On a recent episode of Fresh Air, Ray Liotta — who co-starred with De Niro in Goodfellas — explained why he’d been eager to find a television gig: “To get better movie parts, honestly,” he told Terry Gross. “To do independent movies year after year, never knowing what they’re going to be, is exhausting, and frustrating, and there’s never much money in it.”

Liotta had found himself in a position familiar to any aging star: He’d become known for one particular type of role (gangster, blue collar), and unless he played that sort of role, he couldn’t get cast in a large movie. So he went for independent films. “A lot of times a movie would come along where I got to play the lead part, where I wasn’t a maniac, but it was a smaller-type independent movie,” he explained. “I’ve always felt that part of this game is to play as many different parts as you can, so I had more opportunities in smaller-budgeted movies to play the leading man: to get the girl without having to choke her first.”

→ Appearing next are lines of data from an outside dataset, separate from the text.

Lemma card_square_sum_tuples_ge :
  (16 * #|F| <= #|A| ^ 2)%N -> (#|A| ^ n.+2 <= 4 * #|square_sum_tuples A n.+2|)%N.
Proof.
move=> A_large; rewrite -(ler_nat int) natrM natrX -/N.
have A_large' : 16 * q <= N ^+ 2 by rewrite /q /N -natrX -natrM ler_nat.
have qchar_sum_ge : - N ^+ n.+2 <= 2 * qchar_sqr_sum.
  apply: lerN_sqr; first exact/exprn_ge0/ler0n.
  rewrite exprMn; apply: (@le_trans _ _ (2 ^+ 2 * (4 * q * (N ^+ n.+1) ^+ 2))).
    by rewrite ler_wpM2l ?qchar_sqr_sum_sqr_le.
  rewrite (exprS N n.+1) exprMn.
  rewrite [X in X <= _](_ : _ = 16 * q * (N ^+ n.+1) ^+ 2); last by ring.
  by rewrite ler_wpM2r ?sqr_ge0.
have := card_square_sum_tuples_ge_qchar; lia.
Qed.

End CharacterSumBound.

Local Open Scope R_scope.

Lemma INR_expn (m k : nat) : INR (m ^ k) = INR m ^ k.
Proof. by elim: k => [|k IHk]; rewrite ?expnS ?mulnE ?mult_INR ?IHk. Qed.

Lemma sqr_le_of_sqrt_le (a b : nat) : 4 * sqrt (INR a) <= INR b -> (16 * a <= b ^ 2)%N.
Proof.
move=> le_ab; apply/ssrnat.leP/INR_le; rewrite mulnE mult_INR INR_expn.
have sqrt_a_ge0 := sqrt_pos (INR a).
have sqrt_a_sqr := sqrt_sqrt (INR a) (pos_INR a).
rewrite [INR 16]/=; nra.
Qed.

Theorem lemma6p2 (d : nat) (hd : (3 <= d)%N) :
  exists c C : R, 0 < c /\ 0 < C /\
    forall (F : finFieldType) (A : {set F}),
      odd #|F| ->
      c * sqrt (INR #|F|) <= INR #|A| ->
      C * (INR #|A|) ^ d <= INR #|square_sum_tuples A d|.
Proof.
exists 4, (1 / 4); split; [lra | split; [lra |]].
move=> F A oddF /sqr_le_of_sqrt_le A_large.
case: d hd => [|[|n]] // _.
have /ssrnat.leP/le_INR := card_square_sum_tuples_ge n oddF A_large.
rewrite mulnE mult_INR INR_expn [INR 4]/=; lra.
Qed.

You can see a similar striving in De Niro’s shift to comedy — or his desire to work in a number of different modes, oftentimes in quasi-independent films. “Time is precious,” he told the Wall Street Journal in 2012. “I have to do all these movies I want to do. I can’t really put them off for two years. I have this movie I’ve been wanting to do with Scorsese, and we set a date to start shooting in two years. But we’re talking about time. I mean, you want to be able to stand up when you make a movie.”

Four years later, that movie — The Irishman — remains in development, and Scorsese, himself 73, has nearly a dozen projects vying for his attention. In the meantime, De Niro is filming an HBO film based on the life of Bernie Madoff; sometime later this year, Hands of Stone — a movie he filmed in 2014, in which he plays the boxing coach to his Joy co-star Edgar Ramirez — will hit 2,000 theaters nationwide, with a marketing plan directed at Latino audiences. It might be good. It’ll probably flit in and out of our collective cultural awareness. It’ll almost certainly serve as further fodder for those who believe De Niro has betrayed us.

But taking offense at an actor’s decisions, no matter their motivation, ultimately says more about the fragility of our own tastes, and how much meaning — and, by extension, identity — we derive from affixing a star’s name to our own. Maybe “I like Robert De Niro” doesn’t communicate the same volcanic masculinity as it did in 1980. But “I hate what Robert De Niro has done to his legacy” suggests the sort of intransigence that accompanies the worst, and least becoming, sort of taste.

To like Robert De Niro in 2016 is to give no shits about what other people think of you and your taste. Which is exactly, gloriously, what De Niro has decided for himself.